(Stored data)
────────────────────────────────────────
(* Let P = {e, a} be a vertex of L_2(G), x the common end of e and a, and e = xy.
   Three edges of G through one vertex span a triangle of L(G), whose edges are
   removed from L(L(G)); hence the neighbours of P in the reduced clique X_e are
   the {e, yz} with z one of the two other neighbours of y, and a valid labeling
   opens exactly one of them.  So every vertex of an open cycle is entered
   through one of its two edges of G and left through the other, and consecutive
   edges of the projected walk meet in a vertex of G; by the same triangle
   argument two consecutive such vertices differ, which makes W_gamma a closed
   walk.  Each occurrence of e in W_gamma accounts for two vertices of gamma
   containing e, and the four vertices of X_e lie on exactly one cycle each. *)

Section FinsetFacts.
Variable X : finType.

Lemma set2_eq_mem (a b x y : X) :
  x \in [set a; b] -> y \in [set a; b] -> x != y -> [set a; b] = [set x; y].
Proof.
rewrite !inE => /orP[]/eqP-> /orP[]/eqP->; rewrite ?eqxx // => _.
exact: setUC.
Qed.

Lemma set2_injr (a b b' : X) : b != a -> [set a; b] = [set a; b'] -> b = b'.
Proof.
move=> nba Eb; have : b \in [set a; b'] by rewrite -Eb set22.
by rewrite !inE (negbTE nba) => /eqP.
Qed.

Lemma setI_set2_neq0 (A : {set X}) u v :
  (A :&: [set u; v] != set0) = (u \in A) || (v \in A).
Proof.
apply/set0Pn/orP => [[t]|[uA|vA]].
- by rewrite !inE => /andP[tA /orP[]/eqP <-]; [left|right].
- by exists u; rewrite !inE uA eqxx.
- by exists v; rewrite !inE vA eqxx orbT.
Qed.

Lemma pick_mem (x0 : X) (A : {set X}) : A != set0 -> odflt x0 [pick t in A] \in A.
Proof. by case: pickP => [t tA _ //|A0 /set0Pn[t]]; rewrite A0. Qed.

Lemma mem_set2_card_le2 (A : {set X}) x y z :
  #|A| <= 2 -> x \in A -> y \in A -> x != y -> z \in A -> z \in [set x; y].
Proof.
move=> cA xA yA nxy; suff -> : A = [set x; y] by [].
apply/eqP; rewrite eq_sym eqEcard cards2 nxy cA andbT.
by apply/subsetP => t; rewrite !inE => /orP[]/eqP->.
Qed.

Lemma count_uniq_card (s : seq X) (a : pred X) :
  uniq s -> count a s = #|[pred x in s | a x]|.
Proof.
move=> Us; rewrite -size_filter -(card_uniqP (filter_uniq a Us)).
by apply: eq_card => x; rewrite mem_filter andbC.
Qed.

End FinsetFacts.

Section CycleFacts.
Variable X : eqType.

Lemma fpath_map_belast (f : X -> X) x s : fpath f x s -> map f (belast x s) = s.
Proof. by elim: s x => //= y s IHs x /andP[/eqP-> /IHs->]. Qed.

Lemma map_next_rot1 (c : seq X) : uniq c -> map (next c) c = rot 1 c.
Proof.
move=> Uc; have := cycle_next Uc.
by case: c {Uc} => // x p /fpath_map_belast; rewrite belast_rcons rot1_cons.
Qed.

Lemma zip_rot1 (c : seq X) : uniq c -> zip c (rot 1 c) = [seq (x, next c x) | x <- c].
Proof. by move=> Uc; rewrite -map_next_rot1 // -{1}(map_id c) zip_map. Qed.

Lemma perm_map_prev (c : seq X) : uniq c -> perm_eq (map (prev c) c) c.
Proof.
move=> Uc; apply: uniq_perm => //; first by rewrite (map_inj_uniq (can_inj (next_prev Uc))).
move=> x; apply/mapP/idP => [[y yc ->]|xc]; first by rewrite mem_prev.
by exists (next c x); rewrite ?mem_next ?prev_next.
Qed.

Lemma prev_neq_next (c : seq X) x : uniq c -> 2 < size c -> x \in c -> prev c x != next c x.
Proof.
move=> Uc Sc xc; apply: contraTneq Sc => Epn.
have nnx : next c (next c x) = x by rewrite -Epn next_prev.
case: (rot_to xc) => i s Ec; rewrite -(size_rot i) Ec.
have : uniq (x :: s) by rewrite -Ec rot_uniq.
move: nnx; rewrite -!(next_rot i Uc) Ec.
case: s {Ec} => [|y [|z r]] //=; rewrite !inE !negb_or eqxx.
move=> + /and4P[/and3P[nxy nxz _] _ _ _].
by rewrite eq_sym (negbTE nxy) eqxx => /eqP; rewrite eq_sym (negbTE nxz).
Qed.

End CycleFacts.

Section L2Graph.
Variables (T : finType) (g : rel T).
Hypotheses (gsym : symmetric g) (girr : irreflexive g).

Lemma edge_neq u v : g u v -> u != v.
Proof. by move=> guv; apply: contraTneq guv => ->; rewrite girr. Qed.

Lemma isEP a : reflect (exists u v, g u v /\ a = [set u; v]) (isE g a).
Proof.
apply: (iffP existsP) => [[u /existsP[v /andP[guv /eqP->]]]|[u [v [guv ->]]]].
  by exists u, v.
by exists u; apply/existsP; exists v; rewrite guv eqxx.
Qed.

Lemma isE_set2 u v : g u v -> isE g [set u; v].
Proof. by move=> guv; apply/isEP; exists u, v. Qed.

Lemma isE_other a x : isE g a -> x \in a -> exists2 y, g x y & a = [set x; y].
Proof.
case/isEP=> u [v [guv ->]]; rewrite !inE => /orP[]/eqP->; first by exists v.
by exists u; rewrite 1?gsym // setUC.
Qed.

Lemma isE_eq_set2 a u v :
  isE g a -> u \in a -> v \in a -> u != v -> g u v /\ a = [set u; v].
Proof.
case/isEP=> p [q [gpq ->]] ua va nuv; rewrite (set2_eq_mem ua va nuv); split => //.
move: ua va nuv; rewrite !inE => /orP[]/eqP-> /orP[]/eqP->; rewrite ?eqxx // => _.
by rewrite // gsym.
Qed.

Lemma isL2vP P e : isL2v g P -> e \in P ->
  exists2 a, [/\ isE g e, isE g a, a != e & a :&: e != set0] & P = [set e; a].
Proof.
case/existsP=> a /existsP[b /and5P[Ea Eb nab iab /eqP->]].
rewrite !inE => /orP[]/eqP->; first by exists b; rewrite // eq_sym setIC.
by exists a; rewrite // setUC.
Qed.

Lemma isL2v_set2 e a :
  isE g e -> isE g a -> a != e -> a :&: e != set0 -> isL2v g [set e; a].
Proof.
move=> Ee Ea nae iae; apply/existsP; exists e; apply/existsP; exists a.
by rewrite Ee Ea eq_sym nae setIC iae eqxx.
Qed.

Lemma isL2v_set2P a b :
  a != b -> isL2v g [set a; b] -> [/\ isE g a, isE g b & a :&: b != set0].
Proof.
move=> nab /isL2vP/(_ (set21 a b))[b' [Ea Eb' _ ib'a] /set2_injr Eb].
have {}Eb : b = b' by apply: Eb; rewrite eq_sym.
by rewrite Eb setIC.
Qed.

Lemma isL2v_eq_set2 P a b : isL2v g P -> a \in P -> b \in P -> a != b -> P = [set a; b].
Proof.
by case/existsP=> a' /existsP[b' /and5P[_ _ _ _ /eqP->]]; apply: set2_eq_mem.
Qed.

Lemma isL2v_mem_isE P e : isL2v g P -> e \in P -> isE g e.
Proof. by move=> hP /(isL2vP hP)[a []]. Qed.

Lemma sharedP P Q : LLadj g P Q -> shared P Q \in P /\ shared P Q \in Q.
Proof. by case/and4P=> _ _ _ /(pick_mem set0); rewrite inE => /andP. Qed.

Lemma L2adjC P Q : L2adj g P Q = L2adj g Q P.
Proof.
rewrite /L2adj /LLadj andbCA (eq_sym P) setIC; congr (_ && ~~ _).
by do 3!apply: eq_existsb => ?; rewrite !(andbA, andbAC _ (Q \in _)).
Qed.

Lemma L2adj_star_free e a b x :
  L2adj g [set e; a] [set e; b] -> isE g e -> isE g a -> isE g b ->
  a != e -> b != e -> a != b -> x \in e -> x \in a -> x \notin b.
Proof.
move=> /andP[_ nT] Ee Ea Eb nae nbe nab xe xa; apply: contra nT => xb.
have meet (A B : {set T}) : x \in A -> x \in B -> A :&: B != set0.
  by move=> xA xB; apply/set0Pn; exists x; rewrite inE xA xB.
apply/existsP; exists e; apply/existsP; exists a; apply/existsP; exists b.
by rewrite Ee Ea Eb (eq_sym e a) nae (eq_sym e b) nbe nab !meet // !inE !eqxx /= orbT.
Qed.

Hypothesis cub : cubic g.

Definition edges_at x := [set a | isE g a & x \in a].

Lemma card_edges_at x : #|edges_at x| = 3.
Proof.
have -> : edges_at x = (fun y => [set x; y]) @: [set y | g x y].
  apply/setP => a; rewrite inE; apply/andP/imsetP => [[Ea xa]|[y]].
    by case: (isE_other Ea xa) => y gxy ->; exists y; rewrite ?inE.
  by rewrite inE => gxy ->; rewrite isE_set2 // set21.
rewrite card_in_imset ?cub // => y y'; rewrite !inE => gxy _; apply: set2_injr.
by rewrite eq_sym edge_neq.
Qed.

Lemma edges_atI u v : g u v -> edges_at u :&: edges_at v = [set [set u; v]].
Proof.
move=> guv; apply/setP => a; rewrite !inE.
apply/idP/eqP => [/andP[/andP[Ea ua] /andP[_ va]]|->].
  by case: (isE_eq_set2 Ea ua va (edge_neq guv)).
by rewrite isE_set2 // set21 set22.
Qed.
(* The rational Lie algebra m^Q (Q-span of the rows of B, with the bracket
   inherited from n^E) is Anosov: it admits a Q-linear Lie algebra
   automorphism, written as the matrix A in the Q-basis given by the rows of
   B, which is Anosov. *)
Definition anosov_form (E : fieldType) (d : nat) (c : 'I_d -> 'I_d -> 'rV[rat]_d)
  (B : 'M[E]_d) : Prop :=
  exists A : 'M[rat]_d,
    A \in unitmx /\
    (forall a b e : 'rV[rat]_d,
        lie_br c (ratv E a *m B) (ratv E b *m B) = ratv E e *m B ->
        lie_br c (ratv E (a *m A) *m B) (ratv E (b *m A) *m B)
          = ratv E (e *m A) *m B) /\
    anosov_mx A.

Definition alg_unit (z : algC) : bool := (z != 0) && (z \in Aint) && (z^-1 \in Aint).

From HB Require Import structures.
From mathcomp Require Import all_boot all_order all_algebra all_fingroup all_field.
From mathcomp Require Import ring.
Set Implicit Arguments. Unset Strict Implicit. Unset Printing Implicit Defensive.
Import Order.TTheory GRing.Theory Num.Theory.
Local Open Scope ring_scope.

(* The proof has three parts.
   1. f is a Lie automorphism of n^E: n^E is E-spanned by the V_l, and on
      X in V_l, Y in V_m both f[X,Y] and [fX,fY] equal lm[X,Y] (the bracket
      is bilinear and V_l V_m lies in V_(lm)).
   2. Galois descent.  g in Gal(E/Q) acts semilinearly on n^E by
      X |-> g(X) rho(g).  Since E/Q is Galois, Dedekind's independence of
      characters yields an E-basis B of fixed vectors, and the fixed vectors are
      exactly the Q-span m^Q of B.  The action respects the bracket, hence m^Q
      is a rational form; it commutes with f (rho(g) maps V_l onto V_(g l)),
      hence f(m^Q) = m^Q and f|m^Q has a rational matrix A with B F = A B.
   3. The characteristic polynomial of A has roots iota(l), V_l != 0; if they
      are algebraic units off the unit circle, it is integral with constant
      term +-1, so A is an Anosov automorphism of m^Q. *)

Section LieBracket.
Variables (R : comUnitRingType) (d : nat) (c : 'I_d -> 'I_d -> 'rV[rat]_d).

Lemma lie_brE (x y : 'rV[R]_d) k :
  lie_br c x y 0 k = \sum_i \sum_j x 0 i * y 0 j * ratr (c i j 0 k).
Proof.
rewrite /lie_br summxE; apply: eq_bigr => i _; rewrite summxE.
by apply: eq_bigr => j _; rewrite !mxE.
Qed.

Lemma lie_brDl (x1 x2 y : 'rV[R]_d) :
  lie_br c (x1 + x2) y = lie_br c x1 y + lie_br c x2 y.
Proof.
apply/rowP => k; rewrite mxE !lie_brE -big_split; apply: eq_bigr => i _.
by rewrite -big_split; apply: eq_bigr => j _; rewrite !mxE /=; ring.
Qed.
────────────────────────────────────────
What you are asked to do —
Look through the data above and return exactly the lines from the one that contains "move: nnx; rewrite -!(next_rot i Uc) Ec." to the one that contains "Proof. by move=> guv; apply: contraTneq", inclusive, with nothing else.

Response area —
move: nnx; rewrite -!(next_rot i Uc) Ec.
case: s {Ec} => [|y [|z r]] //=; rewrite !inE !negb_or eqxx.
move=> + /and4P[/and3P[nxy nxz _] _ _ _].
by rewrite eq_sym (negbTE nxy) eqxx => /eqP; rewrite eq_sym (negbTE nxz).
Qed.

End CycleFacts.

Section L2Graph.
Variables (T : finType) (g : rel T).
Hypotheses (gsym : symmetric g) (girr : irreflexive g).

Lemma edge_neq u v : g u v -> u != v.
Proof. by move=> guv; apply: contraTneq guv => ->; rewrite girr. Qed.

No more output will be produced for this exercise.